This uptick in demand comes as the Gulf Coast is still trying to get back to normal and believe it or not, right in the Gulf of Mexico there is another tropical disturbance that the National Hurricane Center says that at this time has a 50% chance of becoming a tropical cyclone.
As of yesterday the Bureau of Safety and Environmental Enforcement (BSEE) said that from operator reports, it is estimated that approximately 49.33% of the current daily oil production in the Gulf of Mexico has been shut-in. It is also estimated that approximately 25.71% of the current daily natural gas production in the Gulf of Mexico has been shut-in. If we get another cyclone in the Gulf, obviously that could push back progress even further.

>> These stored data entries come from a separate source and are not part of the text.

(* Let $p(y)$ be a probability distribution on $\mathcal{Y}$, $p(z\mid y)$ conditional distributions on $\mathcal{Z}$, $\phi:\mathcal{Y}\times\mathcal{Z}\to\Phi\subseteq\mathbb{R}^{D_\phi}$, and let $\gamma(y)=\mathbb{E}_{z\sim p(z\mid y)}[\phi(y,z)]$ be integrable as a function of $y$. For an integrable $f:\mathcal{Y}\times\Phi\to\mathbb{R}^{D_f}$ write $I(f)=\mathbb{E}_{y\sim p(y)}[f(y,\gamma(y))]$. Suppose an inner estimator $\mathcal{I}$ produces, for each $y\in\mathcal{Y}$, a random estimate $\hat\gamma_y\in\Phi$ of $\gamma(y)$ which is not exact, in the sense that for every $y$ the estimate $\hat\gamma_y$ has nonzero variance (so $\gamma(y)$ is not computed exactly). Then there does not exist an outer estimator $\mathcal{J}$ which, for every integrable $f$, maps a sample set $\hat\zeta=\{(y_1,\hat\gamma_{y_1}),\dots,(y_n,\hat\gamma_{y_n})\}$ (with the $\hat\gamma_{y_i}$ generated by $\mathcal{I}$) to an estimate $\psi(\hat\zeta,f)$ such that simultaneously (i) $\mathbb{E}[\psi(\hat\zeta,f)]=I(f)$ for every integrable $f$, and (ii) $\mathbb{E}_{y\sim p(y)}\big[\mathbb{E}[f(y,\hat\gamma_y)\mid y]\big]-\mathbb{E}[\psi(\hat\zeta,f)]\ge0$ for every integrable $f$. The same conclusion holds if the inequality in (ii) is replaced by $\le 0$.
   Context: Condition (ii) says that combining the inner estimator with an exact outer expectation never yields a negatively (respectively, in the reversed version, positively) biased estimator for any $f$. The conclusion states that no general-purpose nested estimation scheme of this form can be unbiased for all integrable $f$. *)

From HB Require Import structures.
From mathcomp Require Import all_boot all_order all_algebra.
From mathcomp Require Import all_classical all_reals all_analysis.

Set Implicit Arguments.
Unset Strict Implicit.
Unset Printing Implicit Defensive.
Import Order.TTheory GRing.Theory Num.Theory.
Local Open Scope classical_set_scope.
Local Open Scope ring_scope.

(* Vectors of R^D are represented by D.-tuple R, which carries the product
   (coordinate-generated) sigma-algebra of mathcomp-analysis. *)

Section nested.
Context {R : realType}.
Context {dY dZ : measure_display} {Y : measurableType dY} {Z : measurableType dZ}.
Context {Dphi Df : nat}.

Local Open Scope ereal_scope.

Definition gamma (pz : R.-pker Y ~> Z) (phi : Y -> Z -> Dphi.-tuple R)
    (y : Y) : Dphi.-tuple R :=
  [tuple fine (\int[pz y]_z (tnth (phi y z) j)%:E) | j < Dphi].

Definition Ival (PY : probability Y R) (g : Y -> Dphi.-tuple R)
    (f : Y -> Dphi.-tuple R -> Df.-tuple R) : Df.-tuple R :=
  [tuple fine (\int[PY]_y (tnth (f y (g y)) j)%:E) | j < Df].

(* j-th component of E_{y ~ p(y)} [ E [ f(y, hat gamma_y) | y ] ],
   where hat gamma_y ~ k y *)
Definition nested_mean (PY : probability Y R)
    (k : R.-pker Y ~> Dphi.-tuple R)
    (f : Y -> Dphi.-tuple R -> Df.-tuple R) (j : 'I_Df) : \bar R :=
  \int[PY]_y (\int[k y]_x (tnth (f y x) j)%:E).

(* f : Y x Phi -> R^Df is integrable: all the expectations appearing in the
   statement (I(f) and the nested expectation) exist and are finite *)
Definition integrable_f (PY : probability Y R) (g : Y -> Dphi.-tuple R)
    (k : R.-pker Y ~> Dphi.-tuple R)
    (f : Y -> Dphi.-tuple R -> Df.-tuple R) : Prop :=
  forall j : 'I_Df,
    [/\ PY.-integrable setT (fun y => (tnth (f y (g y)) j)%:E),
        (forall y, (k y).-integrable setT (fun x => (tnth (f y x) j)%:E)) &
        PY.-integrable setT (fun y => \int[k y]_x (tnth (f y x) j)%:E)].

End nested.

(* Variance of a real function X under a (probability) measure mu; this is
   literally the library's  'V_mu[X] = 'E[(X - fine 'E[X])^2]  written for a
   measure that is not syntactically of type [probability] (here [k y]). *)
Definition variance_of {R : realType} {d} {T : measurableType d}
    (mu : {measure set T -> \bar R}) (X : T -> R) : \bar R :=
  (\int[mu]_x ((X x - fine (\int[mu]_t (X t)%:E)) ^+ 2)%:E)%E.

(* The inner estimator k is not exact: for every y, hat gamma_y ~ k y has
   nonzero variance (the covariance matrix is nonzero, i.e. some coordinate
   has nonzero variance). *)
Definition not_exact {R : realType} {dY} {Y : measurableType dY} {D : nat}
    (k : R.-pker Y ~> D.-tuple R) : Prop :=
  forall y : Y, exists j : 'I_D,
    variance_of (k y) (fun x : D.-tuple R => tnth x j) != 0%E.

(* An outer estimator J: a probability space (Omega, P), a sample size n,
   random sample points y_i and inner estimates hat gamma_{y_i} generated by
   the inner estimator k (given y_i, hat gamma_{y_i} ~ k y_i), and an
   estimate psi(zeta, f) computed from the sample set zeta and f.
   [cmp] is the comparison used in condition (ii): (>= 0) or (<= 0). *)
Definition outer_estimator_exists {R : realType} {dY} {Y : measurableType dY}
    {Dphi Df : nat} (PY : probability Y R) (g : Y -> Dphi.-tuple R)
    (k : R.-pker Y ~> Dphi.-tuple R) (cmp : \bar R -> Prop) : Prop :=
  exists (dO : measure_display) (Omega : measurableType dO)
         (P : probability Omega R) (n : nat)
         (ys : 'I_n -> Omega -> Y) (gs : 'I_n -> Omega -> Dphi.-tuple R)
         (psi : seq (Y * Dphi.-tuple R) ->
                (Y -> Dphi.-tuple R -> Df.-tuple R) -> Df.-tuple R),
    let zeta := fun w : Omega => [seq (ys i w, gs i w) | i <- enum 'I_n] in
    [/\
        (forall i, measurable_fun setT (ys i)),
        (forall i, measurable_fun setT (gs i)),
        (* hat gamma_{y_i} is generated by the inner estimator k *)
        (forall i (A : set Y) (B : set (Dphi.-tuple R)),
           measurable A -> measurable B ->
           P (ys i @^-1` A `&` gs i @^-1` B) =
           (\int[P]_(w in ys i @^-1` A) k (ys i w) B)%E),
        (forall f, integrable_f PY g k f -> forall j : 'I_Df,
           P.-integrable setT (fun w => (tnth (psi (zeta w) f) j)%:E) /\
           (\int[P]_w (tnth (psi (zeta w) f) j)%:E)%E = (tnth (Ival PY g f) j)%:E) &
        (forall f, integrable_f PY g k f -> forall j : 'I_Df,
           cmp (nested_mean PY k f j - \int[P]_w (tnth (psi (zeta w) f) j)%:E)%E)].

From HB Require Import structures.
From mathcomp Require Import all_boot all_order all_algebra.
From mathcomp Require Import all_classical all_reals all_analysis.
From mathcomp Require Import measurable_realfun.
Import Order.TTheory GRing.Theory Num.Theory.
Local Open Scope classical_set_scope.
Local Open Scope ring_scope.

(* Conditions (i) and (ii) together say that the nested mean
   E_y E[f(y, hat gamma_y) | y] is never below (resp. above) I(f).  An inexact
   inner estimator leaves, for every y, positive mass e(y) on the event
   hat gamma_y <> gamma(y), so f(y, x) := (c / e(y)) 1[x <> gamma(y)] has
   I(f) = 0 while its nested mean is c, for any real c. *)

Lemma measurable_neq_tuple {R : realType} {D : nat} (c : D.-tuple R) :
  measurable [set x : D.-tuple R | x != c].
Proof.
have -> : [set x : D.-tuple R | x != c] =
    \bigcup_(j in [set: 'I_D]) ((fun x => tnth x j) @^-1` ~` [set tnth c j]).
  apply/seteqP; split => x /=.
    move=> xc; apply: contrapT => xjc; move/eqP: xc; apply.
    by apply: eq_from_tnth => j; apply: contrapT => ?; apply: xjc; exists j.
  by move=> [j _ /= xjc]; apply/eqP => xc; apply: xjc; rewrite xc.
apply: fin_bigcup_measurable; first exact: finite_finset.
move=> j _; rewrite -[X in measurable X]setTI.
apply: measurable_tnth => //; apply: measurableC; exact: measurable_set1.
Qed.

Lemma variance_of_ae_cst {R : realType} {d} {T : measurableType d}
    (mu : {measure set T -> \bar R}) (X : T -> R) (a : R) :
  mu setT = 1%E -> measurable_fun setT X ->
  {ae mu, forall x, X x = a} -> variance_of mu X = 0%E.
Proof.
move=> mu1 mX Xa.
have int_ae (f h : T -> R) : measurable_fun setT f -> measurable_fun setT h ->
    {ae mu, forall x, X x = a -> f x = h x} ->
    (\int[mu]_x (f x)%:E = \int[mu]_x (h x)%:E)%E.
  move=> mf mh fh; apply: ae_eq_integral => //;
    [exact/measurable_EFinP | exact/measurable_EFinP |].
  by apply: filterS2 Xa fh => x Xxa fxh _; rewrite fxh.
have mean : (\int[mu]_x (X x)%:E = a%:E)%E.
  rewrite (int_ae _ (cst a)) //; last exact: aeW.
  by rewrite (integral_cst _ _ a%:E) // mu1 mule1.
rewrite /variance_of mean /= (int_ae _ (cst 0)) //.
- by rewrite (integral_cst _ _ 0%:E) // mul0e.
- exact/measurable_funX/measurable_funB.
- by apply: aeW => x ->; rewrite subrr expr0n.
Qed.

Lemma not_exact_measure_neq_gt0 {R : realType} {dY} {Y : measurableType dY}
    {D : nat} (k : R.-pker Y ~> D.-tuple R) (g : Y -> D.-tuple R) (y : Y) :
  not_exact k -> (0 < k y [set x | x != g y])%E.
Proof.
move=> /(_ y) [j]; apply: contraNT; rewrite lt0e measure_ge0 andbT negbK.
move=> /eqP neq0; apply/eqP/(@variance_of_ae_cst _ _ _ _ _ (tnth (g y) j)).
- exact: prob_kernel.
- exact: measurable_tnth.
- exists [set x | x != g y]; split => //; first exact: measurable_neq_tuple.
  by move=> x /= xj; apply/eqP => xg; apply: xj; rewrite xg.
Qed.

Section bias_witness.
Context {R : realType} {dY : measure_display} {Y : measurableType dY}.
Context {Dphi Df : nat}.
Variables (PY : probability Y R) (g : Y -> Dphi.-tuple R).
Variable k : R.-pker Y ~> Dphi.-tuple R.
Hypothesis k_not_exact : not_exact k.

Let miss (y : Y) : set (Dphi.-tuple R) := [set x | x != g y].

Let measurable_miss y : measurable (miss y).
Proof. exact: measurable_neq_tuple. Qed.

Let miss_prob (y : Y) : R := fine (k y (miss y)).

Let k_miss_lty y : (k y (miss y) < +oo)%E.
Proof.
apply: (@le_lt_trans _ _ (k y setT)); last by rewrite prob_kernel ltry.
by apply: le_measure; rewrite ?inE //; exact: measurable_miss.
Qed.

Let miss_probE y : (miss_prob y)%:E = k y (miss y).
Proof. by rewrite fineK // ge0_fin_numE ?measure_ge0. Qed.

Let miss_prob_neq0 y : miss_prob y != 0.
Proof.
by rewrite -(@eqe R _ 0) miss_probE gt_eqF // not_exact_measure_neq_gt0.
Qed.

Definition bias_witness (c : R) (y : Y) (x : Dphi.-tuple R) : Df.-tuple R :=
  [tuple c / miss_prob y * (\1_(miss y) x : R) | _ < Df].

Variable c : R.

Let tnth_bias_witness y x j :
  tnth (bias_witness c y x) j = c / miss_prob y * (\1_(miss y) x : R).
Proof. by rewrite tnth_mktuple. Qed.

Let integrable_indic_miss y :
  (k y).-integrable setT (fun x => (\1_(miss y) x : R)%:E).
Proof.
apply/integrableP; split; first exact/measurable_EFinP/measurable_indic.
under eq_integral do rewrite gee0_abs ?lee_fin //.
by rewrite integral_indic // setIT.
Qed.

Lemma bias_witness_at_center y j : tnth (bias_witness c y (g y)) j = 0.
Proof.
by rewrite tnth_bias_witness indicE memNset ?mulr0 //= /miss /= eqxx.
Qed.

Lemma integral_bias_witness y j :
  (\int[k y]_x (tnth (bias_witness c y x) j)%:E = c%:E)%E.
Proof.
under eq_integral do rewrite tnth_bias_witness EFinM.
rewrite integralZl // integral_indic // setIT.
by rewrite -miss_probE -EFinM divfK.
Qed.

Lemma integrable_f_bias_witness : integrable_f PY g k (bias_witness c).
Proof.
move=> j; split.
- under eq_fun do rewrite bias_witness_at_center.
  exact: (finite_measure_integrable_cst _ 0).
- move=> y; under eq_fun do rewrite tnth_bias_witness EFinM.
  exact: integrableZl.
- under eq_fun do rewrite integral_bias_witness.
  exact: (finite_measure_integrable_cst _ c).
Qed.

Lemma nested_mean_bias_witness j : nested_mean PY k (bias_witness c) j = c%:E.
Proof.
rewrite /nested_mean; under eq_integral do rewrite integral_bias_witness.
rewrite (integral_cst _ _ c%:E) //.
transitivity (c%:E * 1)%E; last exact: mule1.
by congr (mule _ _); exact: probability_setT.
Qed.

Lemma Ival_bias_witness j : tnth (Ival PY g (bias_witness c)) j = 0.
Proof.
rewrite tnth_mktuple; under eq_integral do rewrite bias_witness_at_center.
by rewrite integral0.
Qed.

End bias_witness.

Lemma outer_estimator_cmp_everywhere {R : realType} {dY : measure_display}
    {Y : measurableType dY} {Dphi Df : nat} (PY : probability Y R)
    (g : Y -> Dphi.-tuple R) (k : R.-pker Y ~> Dphi.-tuple R)
    (cmp : \bar R -> Prop) :
  (0 < Df)%N -> not_exact k ->
  @outer_estimator_exists R dY Y Dphi Df PY g k cmp -> forall c : R, cmp c%:E.
Proof.
move=> Df_gt0 k_not_exact.
move=> [dO [Om [P [n [ys [gs [psi /= [_ _ _ unbiased sign]]]]]]]] c.
pose j := Ordinal Df_gt0.
have intf : integrable_f PY g k (bias_witness (Df := Df) g k c).
  exact: integrable_f_bias_witness.
have := sign _ intf j; have [_ ->] := unbiased _ intf j.
by rewrite nested_mean_bias_witness // Ival_bias_witness // sube0.
Qed.

Theorem theorem3 (R : realType) (dY dZ : measure_display)
  (Y : measurableType dY) (Z : measurableType dZ) (Dphi Df : nat)
  (PY : probability Y R) (pz : R.-pker Y ~> Z)
  (phi : Y -> Z -> Dphi.-tuple R)
  (k : R.-pker Y ~> Dphi.-tuple R) :
  (0 < Df)%N ->
  (forall y (j : 'I_Dphi),
     (pz y).-integrable setT (fun z => (tnth (phi y z) j)%:E)) ->
  (forall j : 'I_Dphi,
     PY.-integrable setT (fun y => (tnth (gamma pz phi y) j)%:E)) ->
  not_exact k ->
  ~ @outer_estimator_exists R dY Y Dphi Df PY (gamma pz phi) k
      (fun e => (0 <= e)%E) /\
  ~ @outer_estimator_exists R dY Y Dphi Df PY (gamma pz phi) k
      (fun e => (e <= 0)%E).
Proof.
move=> Df_gt0 _ _ k_not_exact; split => /outer_estimator_cmp_everywhere.
- by move=> /(_ Df_gt0 k_not_exact (-1)); rewrite lee_fin ler0N1.
- by move=> /(_ Df_gt0 k_not_exact 1); rewrite lee_fin ler10.
Qed.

The BSEE also says that based on data from offshore operator reports submitted as of 11:30 a.m. CDT yesterday, personnel remain evacuated on a total of 18 production platforms, equivalent to 3.02% of the 596 manned platforms in the Gulf of Mexico. Production platforms are the structures located offshore from which oil and natural gas are produced. Unlike drilling rigs, which typically move from location to location, production facilities remain in the same location throughout a project’s duration. Personnel remain evacuated from one rig, equivalent to 1.32% of the 76 rigs currently operating in the Gulf. Rigs can include several types of self-contained offshore drilling facilities including jackup rigs, submersibles and semi-submersibles.
Bloomberg News reported that Valero Energy Corp. estimates the startup of a new hydrocracker at its St. Charles refinery in Louisiana will be delayed until the second quarter of 2013 from the first quarter. The startup was pushed back because of Hurricane Isaac and a shooting Aug. 16 near the plant, Bill Day, a spokesman for the refiner in San Antonio, said in an interview.